FROM: Amazing amazing lighting effects tonight. I was not disappointed.
TO: How many heads do you have?
FROM: Chicken, bear, dolphin, bunny, my friend has another bear you could probably borrow too
TO: Lovely X
FROM: Hey bailey how does tomorrow look for you? When are you free for dinner?
TO: I work till 4:30. CAN WE GET STEAK?
FROM: How abt Mexican in my neighborhood? Steak taco!
FROM: Meet at bar Phil Hughes on the ues for drink before dinner. It’s a dive. Its at 1st and 88th…meet at 7 tomorrow…good?
TO: Can we meet @ 8? Would u wanna meet @ ur place instead of a bar? Contrary to popular belief I’m not such a big drinker. Plus Ill do Harlem for you, ill do Mexican 4 u, but im not sure I can do ues 4 anyone. Ur call.
TO: I also don’t know what to wear but my roommate just said don’t text that.
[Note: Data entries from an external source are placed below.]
(* Let $\alpha\in\mathbb{R}$, $\beta\in(0,1)$ and $\sigma\in\mathbb{R}\setminus\{0,1\}$. Let $J\subset(0,\infty)$ be an open interval such that $1+\alpha\sigma q>0$ and $|\alpha\sigma q|<1$ for all $q\in J$. Let $u:J\to\mathbb{R}$ be twice differentiable with $u'(q)>0$ for all $q\in J$. Then $u$ has linear fractional relative risk aversion on $J$, i.e. $$-\frac{q\,u''(q)}{u'(q)}=\frac{\alpha q+\beta}{\alpha\sigma q+1}\quad\text{for all } q\in J,$$ if and only if there exist constants $K>0$ and $C\in\mathbb{R}$ such that for all $q\in J$ $$u(q)=\frac{K\sigma}{\sigma-1}\,(1+\alpha\sigma q)^{\beta-\frac{1}{\sigma}}\,q^{1-\beta}\left[1+\frac{\beta-\frac{1}{\sigma}}{1-\beta}\;{}_2F_1\!\left(1-\tfrac{1}{\sigma},\,1;\,2-\beta;\,-\alpha\sigma q\right)\right]+C .$$ In this case $u'(q)=K(1+\alpha\sigma q)^{\beta-\frac1\sigma}q^{-\beta}$.
   Context: ${}_2F_1(a,b;c;z)=\sum_{n=0}^\infty\frac{(a)_n(b)_n}{(c)_n}\frac{z^n}{n!}$ for $|z|<1$ is the Gauss hypergeometric function, where $(a)_n=a(a+1)\cdots(a+n-1)$, $(a)_0=1$, is the rising Pochhammer symbol. All real powers of positive reals are the real (principal) ones. *)

From Stdlib Require Import Reals Arith.
From Coquelicot Require Import Coquelicot.
Open Scope R_scope.

Fixpoint poch (a : R) (n : nat) : R :=
  match n with
  | O => 1
  | S k => poch a k * (a + INR k)
  end.

(* Gauss hypergeometric function 2F1(a,b;c;z) as the sum of its power series
   (used only for |z| < 1, where the series converges). *)
Definition hyp2F1 (a b c z : R) : R :=
  Series (fun n => poch a n * poch b n / poch c n * z ^ n / INR (fact n)).

Definition in_open_interval (a b : Rbar) (q : R) : Prop :=
  Rbar_lt a q /\ Rbar_lt q b.

(* Writing [r(q) = (alpha q + beta) / (alpha sigma q + 1)], the marginal utility
   [mu(q) = (1 + alpha sigma q)^(beta - 1/sigma) q^(-beta)] solves [q mu' = - r mu], so the
   relative risk aversion equation says exactly that [u'] and [mu] have the same logarithmic
   derivative, i.e. [u' = K mu] on the interval.  It remains to integrate [mu]: the stated
   primitive is differentiated termwise, and its derivative equals [K mu] precisely because
   [F = 2F1(1 - 1/sigma, 1; 2 - beta; z)] satisfies the hypergeometric equation
   [z (1 - z) F' + (1 - beta) (F - 1) = (1 - 1/sigma) z F] at [z = - alpha sigma q]. *)

From Stdlib Require Import Reals Arith Lra.
From Coquelicot Require Import Coquelicot.
Open Scope R_scope.

Lemma poch_1 n : poch 1 n = INR (fact n).
Proof.
  induction n as [|n IH]; simpl poch; [reflexivity|].
  rewrite IH, fact_simpl, mult_INR, S_INR; ring.
Qed.

Lemma poch_gt0 c n : 0 < c -> 0 < poch c n.
Proof.
  intros Hc; induction n as [|n IH]; simpl poch; [lra|].
  pose proof (pos_INR n); apply Rmult_lt_0_compat; lra.
Qed.

Lemma Rabs_poch_le a n : Rabs (poch a n) <= poch (Rabs a + 1) n.
Proof.
  induction n as [|n IH]; simpl poch; [rewrite Rabs_R1; lra|].
  rewrite Rabs_mult; apply Rmult_le_compat; try apply Rabs_pos; [exact IH|].
  pose proof (pos_INR n); pose proof (Rabs_triang a (INR n)).
  rewrite (Rabs_right (INR n)) in *; lra.
Qed.

Lemma CV_radius_le_Rabs (a b : nat -> R) :
  (forall n, Rabs (a n) <= Rabs (b n)) -> Rbar_le (CV_radius b) (CV_radius a).
Proof.
  intros Hab.
  destruct (CV_radius_bounded a) as [Ha _].
  destruct (CV_radius_bounded b) as [_ Hb].
  apply Hb; intros r [M HM]; apply Ha; exists M; intros n.
  eapply Rle_trans; [|apply HM].
  rewrite !Rabs_mult; apply Rmult_le_compat_r; [apply Rabs_pos | apply Hab].
Qed.

(* The coefficients of [hyp2F1 a 1 c] as a power series: the factor [(1)_n] cancels [n!]. *)
Definition hyp2F1_b1_coef (a c : R) (n : nat) : R := poch a n / poch c n.

Lemma hyp2F1_b1_PSeries a c z :
  0 < c -> hyp2F1 a 1 c z = PSeries (hyp2F1_b1_coef a c) z.
Proof.
  intros Hc; apply Series_ext; intros n.
  rewrite poch_1; unfold hyp2F1_b1_coef.
  pose proof (poch_gt0 c n Hc); pose proof (INR_fact_neq_0 n).
  field; lra.
Qed.

Lemma hyp2F1_b1_coef_S a c n : 0 < c ->
  hyp2F1_b1_coef a c (S n) * (c + INR n) = hyp2F1_b1_coef a c n * (a + INR n).
Proof.
  intros Hc; unfold hyp2F1_b1_coef; simpl poch.
  pose proof (poch_gt0 c n Hc); pose proof (pos_INR n).
  field; lra.
Qed.

Lemma is_lim_seq_shift_ratio A c : 0 < c ->
  is_lim_seq (fun n => (A + INR n) / (c + INR n)) 1.
Proof.
  intros Hc.
  apply is_lim_seq_ext with (fun n => 1 + (A - c) * / (c + INR n)).
  { intros n; pose proof (pos_INR n); field; lra. }
  replace (Finite 1) with (Finite (1 + (A - c) * 0)) by (f_equal; ring).
  apply is_lim_seq_plus'; [apply is_lim_seq_const|].
  change (Finite ((A - c) * 0)) with (Rbar_mult (A - c) 0).
  apply is_lim_seq_scal_l.
  change (Finite 0) with (Rbar_inv p_infty).
  apply is_lim_seq_inv; [|discriminate].
  apply is_lim_seq_plus with (l1 := c) (l2 := p_infty);
    [apply is_lim_seq_const | apply is_lim_seq_INR | reflexivity].
Qed.
(* Let $p\ge 2$, let $\mathcal{N}$ be a finite nonempty index set, let $\{\hat{\bm{\Sigma}}(t_i)\}_{i\in\mathcal{N}}$ be $p\times p$ symmetric positive semidefinite matrices, and let $\lambda>0$. For a tuple $\mathbb{\Omega}=\{\bm{\Omega}(t_i)\}_{i\in\mathcal{N}}$ of $p\times p$ symmetric positive definite matrices define $$L(\mathbb{\Omega})=\frac{1}{\sqrt{|\mathcal{N}|}}\sum_{i\in\mathcal{N}}\Big[\operatorname{tr}\big(\bm{\Omega}(t_i)\hat{\bm{\Sigma}}(t_i)\big)-\log\det\bm{\Omega}(t_i)\Big]+\lambda\sum_{u\neq v}\sqrt{\sum_{i\in\mathcal{N}}\Omega_{uv}(t_i)^2},$$ where $\Omega_{uv}(t_i)$ denotes the $(u,v)$ entry of $\bm{\Omega}(t_i)$. Suppose the minimizer $\{\hat{\bm{\Omega}}(t_i)\}_{i\in\mathcal{N}}$ of $L$ over tuples of positive definite matrices has, after a common permutation of the $p$ variables, the block-diagonal form $$\hat{\bm{\Omega}}(t_i)=\begin{pmatrix}\hat{\bm{\Omega}}_1(t_i)&\bm{0}\\ \bm{0}&\hat{\bm{\Omega}}_2(t_i)\end{pmatrix},\qquad i\in\mathcal{N},$$ where all $\hat{\bm{\Omega}}_1(t_i)$ have the same dimension, corresponding to a set $G_1$ of variables, and the $\hat{\bm{\Omega}}_2(t_i)$ correspond to the complementary set $G_2$. Then $\{\hat{\bm{\Omega}}_1(t_i)\}_{i\in\mathcal{N}}$ minimizes the objective of the same form as $L$ (same $\mathcal{N}$, same $\lambda$) in which each $\hat{\bm{\Sigma}}(t_i)$ is replaced by its principal submatrix on the variables in $G_1$, and likewise $\{\hat{\bm{\Omega}}_2(t_i)\}_{i\in\mathcal{N}}$ minimizes the analogous objective on the variables in $G_2$.
   Context: In the paper, $\mathcal{N}=\mathcal{N}_{k,d}=\{i:|t_i-t_k|\le d\}$ is the set of indices of observation times $0\le t_1\le\dots\le t_N\le 1$ within distance $d$ of $t_k$, and $\hat{\bm{\Sigma}}(t)=\sum_{j=1}^N \omega_h^{t_j}(t)\bm{x}_j\bm{x}_j^T$ is a kernel estimate of the covariance matrix, with weights $\omega_h^{t_j}(t)=K((t_j-t)/h)/\sum_{j'}K((t_{j'}-t)/h)$ for a symmetric nonnegative kernel $K$ and bandwidth $h>0$, based on observations $\bm{x}_j\in\mathbb{R}^p$. The objective $L$ is strictly convex, so its minimizer, when it exists, is unique. *)

From HB Require Import structures.
From mathcomp Require Import all_boot all_order all_algebra.
From mathcomp Require Import all_classical all_reals.
From mathcomp Require Import exp.
Set Implicit Arguments. Unset Strict Implicit. Unset Printing Implicit Defensive.
Import Order.TTheory GRing.Theory Num.Theory.
Local Open Scope ring_scope.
TO: Or you can just call me 2 figure these things out. Im really bad @ planning these things. And I’m 2 tired 2 b text-witty.
TO: Although I do find text conversations and in general texting between genders 2 b incredibly amusing, on a sociological level.
FROM: I live at 1575 lexington at 101st street. Take the 6 train to 103rd and walk up the hill. Feel the burn. I’ll meet you at 8 :)
FROM: Apt 2 buzzer 2
TO: K. Dust off the mix tapes. I still want steak.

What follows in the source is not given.